Work task
Your answer should be the lines below from the one with "partial_order R /\" to the one with "(forall a b, sqsub a b -> frown_ext R a b).", both included, given again exactly and with nothing added.

Provided data

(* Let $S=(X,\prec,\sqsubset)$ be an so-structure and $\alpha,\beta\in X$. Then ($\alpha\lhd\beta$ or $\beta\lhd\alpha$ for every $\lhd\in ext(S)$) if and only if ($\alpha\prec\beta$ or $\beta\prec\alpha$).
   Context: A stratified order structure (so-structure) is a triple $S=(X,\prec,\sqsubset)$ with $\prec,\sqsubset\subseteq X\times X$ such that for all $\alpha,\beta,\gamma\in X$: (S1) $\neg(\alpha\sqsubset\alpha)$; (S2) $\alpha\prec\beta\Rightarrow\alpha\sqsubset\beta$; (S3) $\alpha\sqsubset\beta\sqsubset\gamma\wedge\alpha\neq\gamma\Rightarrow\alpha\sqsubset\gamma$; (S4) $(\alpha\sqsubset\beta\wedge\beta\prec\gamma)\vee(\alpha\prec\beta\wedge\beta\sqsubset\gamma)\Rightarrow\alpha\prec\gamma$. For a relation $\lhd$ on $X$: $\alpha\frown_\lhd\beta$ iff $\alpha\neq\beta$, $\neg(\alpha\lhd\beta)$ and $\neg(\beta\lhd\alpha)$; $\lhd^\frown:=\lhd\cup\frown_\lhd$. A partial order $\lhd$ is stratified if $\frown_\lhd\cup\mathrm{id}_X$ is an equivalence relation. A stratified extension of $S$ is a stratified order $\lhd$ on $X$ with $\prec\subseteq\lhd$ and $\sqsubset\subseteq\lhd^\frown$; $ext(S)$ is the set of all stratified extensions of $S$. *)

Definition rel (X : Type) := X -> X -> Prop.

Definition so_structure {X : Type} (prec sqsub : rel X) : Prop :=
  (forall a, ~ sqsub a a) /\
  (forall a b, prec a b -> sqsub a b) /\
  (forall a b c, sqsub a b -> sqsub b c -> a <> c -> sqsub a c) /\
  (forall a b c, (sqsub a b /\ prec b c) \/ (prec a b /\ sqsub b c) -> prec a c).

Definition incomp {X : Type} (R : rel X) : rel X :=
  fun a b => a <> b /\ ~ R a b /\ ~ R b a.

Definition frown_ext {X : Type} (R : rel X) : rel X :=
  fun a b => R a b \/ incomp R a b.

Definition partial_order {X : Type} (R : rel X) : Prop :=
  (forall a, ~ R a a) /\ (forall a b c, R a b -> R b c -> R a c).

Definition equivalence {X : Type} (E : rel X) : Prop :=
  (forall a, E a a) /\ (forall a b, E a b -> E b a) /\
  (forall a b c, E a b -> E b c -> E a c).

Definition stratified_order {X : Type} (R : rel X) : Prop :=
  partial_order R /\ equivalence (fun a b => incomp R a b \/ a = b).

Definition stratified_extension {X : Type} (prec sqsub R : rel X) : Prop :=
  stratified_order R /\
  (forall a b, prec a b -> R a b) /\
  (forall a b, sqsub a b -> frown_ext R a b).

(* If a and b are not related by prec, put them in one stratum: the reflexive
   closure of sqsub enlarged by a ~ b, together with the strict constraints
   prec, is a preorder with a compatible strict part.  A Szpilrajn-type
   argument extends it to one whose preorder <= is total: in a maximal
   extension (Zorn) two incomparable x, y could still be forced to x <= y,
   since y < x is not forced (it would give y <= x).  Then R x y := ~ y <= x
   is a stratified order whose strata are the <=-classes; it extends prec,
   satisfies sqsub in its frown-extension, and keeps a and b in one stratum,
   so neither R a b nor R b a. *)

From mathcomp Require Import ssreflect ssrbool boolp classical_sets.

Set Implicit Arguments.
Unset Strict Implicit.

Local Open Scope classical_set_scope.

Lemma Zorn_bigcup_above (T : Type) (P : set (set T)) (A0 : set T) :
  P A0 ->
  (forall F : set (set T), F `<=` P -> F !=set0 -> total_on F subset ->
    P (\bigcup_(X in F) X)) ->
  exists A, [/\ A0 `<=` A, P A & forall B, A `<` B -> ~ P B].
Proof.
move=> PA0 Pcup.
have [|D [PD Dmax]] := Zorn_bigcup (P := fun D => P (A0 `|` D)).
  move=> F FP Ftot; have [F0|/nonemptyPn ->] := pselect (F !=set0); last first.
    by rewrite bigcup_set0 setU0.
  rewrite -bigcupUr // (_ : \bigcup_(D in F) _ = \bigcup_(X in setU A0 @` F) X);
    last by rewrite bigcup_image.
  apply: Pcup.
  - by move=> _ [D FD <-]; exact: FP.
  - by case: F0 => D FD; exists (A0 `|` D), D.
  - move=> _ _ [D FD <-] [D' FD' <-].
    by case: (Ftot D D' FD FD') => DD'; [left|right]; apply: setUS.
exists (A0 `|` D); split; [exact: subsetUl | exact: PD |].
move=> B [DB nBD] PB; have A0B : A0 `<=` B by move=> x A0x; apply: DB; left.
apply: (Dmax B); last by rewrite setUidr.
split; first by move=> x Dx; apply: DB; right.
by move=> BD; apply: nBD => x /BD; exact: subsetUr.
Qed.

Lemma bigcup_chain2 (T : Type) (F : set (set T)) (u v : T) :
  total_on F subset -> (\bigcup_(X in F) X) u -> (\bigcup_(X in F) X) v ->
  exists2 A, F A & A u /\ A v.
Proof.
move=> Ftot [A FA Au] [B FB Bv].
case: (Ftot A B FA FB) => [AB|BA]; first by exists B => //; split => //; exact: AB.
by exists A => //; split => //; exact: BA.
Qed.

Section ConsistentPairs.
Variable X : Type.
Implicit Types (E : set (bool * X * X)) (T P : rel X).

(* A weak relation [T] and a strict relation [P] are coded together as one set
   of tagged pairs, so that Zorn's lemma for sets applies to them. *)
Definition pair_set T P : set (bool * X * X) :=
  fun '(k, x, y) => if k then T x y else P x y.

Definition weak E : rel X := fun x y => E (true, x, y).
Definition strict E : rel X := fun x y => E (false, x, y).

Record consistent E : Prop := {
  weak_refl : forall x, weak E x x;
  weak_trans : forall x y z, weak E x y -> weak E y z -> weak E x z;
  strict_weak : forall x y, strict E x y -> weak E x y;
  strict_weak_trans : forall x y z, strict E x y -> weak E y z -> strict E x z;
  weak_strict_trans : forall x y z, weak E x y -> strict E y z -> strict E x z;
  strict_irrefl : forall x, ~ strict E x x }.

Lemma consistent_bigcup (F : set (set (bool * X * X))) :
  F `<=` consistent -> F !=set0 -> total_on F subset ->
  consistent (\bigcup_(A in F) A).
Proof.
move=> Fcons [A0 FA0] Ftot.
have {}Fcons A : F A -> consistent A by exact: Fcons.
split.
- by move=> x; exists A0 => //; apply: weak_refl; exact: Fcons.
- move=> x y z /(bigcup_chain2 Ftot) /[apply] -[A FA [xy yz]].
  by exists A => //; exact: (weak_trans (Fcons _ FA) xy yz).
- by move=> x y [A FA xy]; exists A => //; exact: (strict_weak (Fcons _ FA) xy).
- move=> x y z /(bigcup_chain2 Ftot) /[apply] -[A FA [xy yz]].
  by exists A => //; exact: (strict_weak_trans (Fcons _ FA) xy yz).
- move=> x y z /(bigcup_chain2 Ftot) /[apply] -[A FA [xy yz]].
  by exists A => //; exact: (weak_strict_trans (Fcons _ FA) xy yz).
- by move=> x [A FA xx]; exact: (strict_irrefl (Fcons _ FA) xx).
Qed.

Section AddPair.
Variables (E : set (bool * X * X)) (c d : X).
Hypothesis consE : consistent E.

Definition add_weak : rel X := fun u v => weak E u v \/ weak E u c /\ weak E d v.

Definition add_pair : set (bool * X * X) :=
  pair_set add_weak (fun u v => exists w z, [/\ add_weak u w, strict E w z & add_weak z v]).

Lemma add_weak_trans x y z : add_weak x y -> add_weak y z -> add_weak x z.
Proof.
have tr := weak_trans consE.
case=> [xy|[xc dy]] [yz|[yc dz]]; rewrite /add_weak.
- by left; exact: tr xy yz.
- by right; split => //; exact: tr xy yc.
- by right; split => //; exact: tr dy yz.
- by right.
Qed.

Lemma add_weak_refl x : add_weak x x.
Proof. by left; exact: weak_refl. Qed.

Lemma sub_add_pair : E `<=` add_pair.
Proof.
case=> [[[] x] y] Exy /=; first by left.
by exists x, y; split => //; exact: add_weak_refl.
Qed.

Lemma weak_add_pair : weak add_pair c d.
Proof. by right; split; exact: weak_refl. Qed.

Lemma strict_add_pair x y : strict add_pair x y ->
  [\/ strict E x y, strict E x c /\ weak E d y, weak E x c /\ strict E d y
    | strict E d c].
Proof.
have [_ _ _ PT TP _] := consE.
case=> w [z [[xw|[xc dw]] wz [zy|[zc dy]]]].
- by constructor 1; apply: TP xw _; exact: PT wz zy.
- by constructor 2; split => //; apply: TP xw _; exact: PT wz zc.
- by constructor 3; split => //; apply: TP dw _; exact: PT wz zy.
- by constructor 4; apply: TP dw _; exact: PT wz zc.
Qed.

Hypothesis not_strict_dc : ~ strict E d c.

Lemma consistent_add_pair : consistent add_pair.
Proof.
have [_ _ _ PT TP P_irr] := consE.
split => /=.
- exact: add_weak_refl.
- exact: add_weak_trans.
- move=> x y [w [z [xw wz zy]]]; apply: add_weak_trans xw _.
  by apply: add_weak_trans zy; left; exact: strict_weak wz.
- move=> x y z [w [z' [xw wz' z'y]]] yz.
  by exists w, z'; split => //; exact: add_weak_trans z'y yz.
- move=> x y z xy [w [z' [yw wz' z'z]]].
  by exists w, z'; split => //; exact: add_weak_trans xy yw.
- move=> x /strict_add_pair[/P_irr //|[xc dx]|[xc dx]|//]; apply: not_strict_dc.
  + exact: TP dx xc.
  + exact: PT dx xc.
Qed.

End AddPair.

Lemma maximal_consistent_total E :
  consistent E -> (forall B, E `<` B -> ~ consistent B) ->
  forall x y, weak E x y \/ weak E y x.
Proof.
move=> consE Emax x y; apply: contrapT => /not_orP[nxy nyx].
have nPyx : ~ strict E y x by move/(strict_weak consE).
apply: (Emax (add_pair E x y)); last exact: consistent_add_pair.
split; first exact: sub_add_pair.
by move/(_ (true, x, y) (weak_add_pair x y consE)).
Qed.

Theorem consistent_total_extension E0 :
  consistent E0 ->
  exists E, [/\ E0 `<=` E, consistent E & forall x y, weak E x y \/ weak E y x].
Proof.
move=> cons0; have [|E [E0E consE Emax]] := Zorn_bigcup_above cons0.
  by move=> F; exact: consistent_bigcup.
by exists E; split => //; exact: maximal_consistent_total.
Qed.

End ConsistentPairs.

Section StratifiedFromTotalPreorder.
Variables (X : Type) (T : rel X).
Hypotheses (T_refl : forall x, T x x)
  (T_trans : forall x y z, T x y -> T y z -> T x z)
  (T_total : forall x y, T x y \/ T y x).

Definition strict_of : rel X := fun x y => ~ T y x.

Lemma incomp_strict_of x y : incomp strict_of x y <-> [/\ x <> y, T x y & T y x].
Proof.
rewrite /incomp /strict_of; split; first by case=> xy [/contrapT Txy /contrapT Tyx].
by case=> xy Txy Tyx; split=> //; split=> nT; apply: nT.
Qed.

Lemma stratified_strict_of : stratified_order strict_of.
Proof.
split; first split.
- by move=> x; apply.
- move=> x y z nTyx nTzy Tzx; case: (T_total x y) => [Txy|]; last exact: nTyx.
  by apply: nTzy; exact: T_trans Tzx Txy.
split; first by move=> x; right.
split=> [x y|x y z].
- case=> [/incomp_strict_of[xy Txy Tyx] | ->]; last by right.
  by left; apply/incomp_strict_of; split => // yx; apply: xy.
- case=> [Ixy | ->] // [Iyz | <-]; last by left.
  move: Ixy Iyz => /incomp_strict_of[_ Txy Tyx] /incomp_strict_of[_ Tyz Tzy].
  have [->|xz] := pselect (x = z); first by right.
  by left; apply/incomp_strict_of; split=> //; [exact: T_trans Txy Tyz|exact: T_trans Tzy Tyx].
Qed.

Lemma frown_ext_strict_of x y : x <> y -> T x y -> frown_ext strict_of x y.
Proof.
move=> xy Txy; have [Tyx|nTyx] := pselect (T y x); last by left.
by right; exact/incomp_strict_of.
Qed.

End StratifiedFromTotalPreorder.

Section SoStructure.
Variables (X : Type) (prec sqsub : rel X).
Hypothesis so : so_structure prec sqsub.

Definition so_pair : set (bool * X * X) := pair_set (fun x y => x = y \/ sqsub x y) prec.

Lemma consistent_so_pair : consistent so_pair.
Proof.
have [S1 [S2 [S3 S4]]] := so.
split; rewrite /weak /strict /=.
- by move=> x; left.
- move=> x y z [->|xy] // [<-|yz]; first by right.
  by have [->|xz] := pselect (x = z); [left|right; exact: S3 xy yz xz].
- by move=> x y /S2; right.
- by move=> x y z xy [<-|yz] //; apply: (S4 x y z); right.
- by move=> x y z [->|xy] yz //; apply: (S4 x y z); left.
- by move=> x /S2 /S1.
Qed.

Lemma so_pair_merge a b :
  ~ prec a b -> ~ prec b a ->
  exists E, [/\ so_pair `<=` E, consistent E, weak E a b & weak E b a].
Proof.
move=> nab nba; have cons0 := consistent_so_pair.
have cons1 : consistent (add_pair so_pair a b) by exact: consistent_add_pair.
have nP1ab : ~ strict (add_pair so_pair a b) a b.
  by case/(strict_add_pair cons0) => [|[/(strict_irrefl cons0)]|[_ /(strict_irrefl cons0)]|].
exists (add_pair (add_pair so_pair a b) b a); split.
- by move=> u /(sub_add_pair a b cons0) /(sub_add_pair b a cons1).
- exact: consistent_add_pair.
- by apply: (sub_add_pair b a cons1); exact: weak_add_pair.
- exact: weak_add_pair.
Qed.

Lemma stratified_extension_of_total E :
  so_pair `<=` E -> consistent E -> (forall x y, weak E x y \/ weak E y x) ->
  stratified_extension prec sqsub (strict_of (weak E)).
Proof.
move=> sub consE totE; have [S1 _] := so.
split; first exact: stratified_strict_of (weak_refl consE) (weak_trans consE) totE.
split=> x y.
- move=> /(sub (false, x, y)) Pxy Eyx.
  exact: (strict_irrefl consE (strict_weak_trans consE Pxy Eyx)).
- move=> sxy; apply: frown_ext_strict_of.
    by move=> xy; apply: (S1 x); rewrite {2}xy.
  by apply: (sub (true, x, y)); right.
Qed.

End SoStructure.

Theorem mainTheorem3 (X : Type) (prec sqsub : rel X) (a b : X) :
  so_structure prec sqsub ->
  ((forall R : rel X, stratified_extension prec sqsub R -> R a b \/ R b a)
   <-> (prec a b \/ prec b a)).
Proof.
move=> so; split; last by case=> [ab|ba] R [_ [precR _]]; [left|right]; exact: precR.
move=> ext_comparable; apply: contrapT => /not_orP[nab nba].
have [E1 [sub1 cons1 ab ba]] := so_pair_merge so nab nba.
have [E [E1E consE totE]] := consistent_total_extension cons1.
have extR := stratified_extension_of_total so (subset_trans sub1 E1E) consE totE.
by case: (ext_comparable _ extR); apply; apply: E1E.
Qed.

Solved exercise
  partial_order R /\ equivalence (fun a b => incomp R a b \/ a = b).

Definition stratified_extension {X : Type} (prec sqsub R : rel X) : Prop :=
  stratified_order R /\
  (forall a b, prec a b -> R a b) /\
  (forall a b, sqsub a b -> frown_ext R a b).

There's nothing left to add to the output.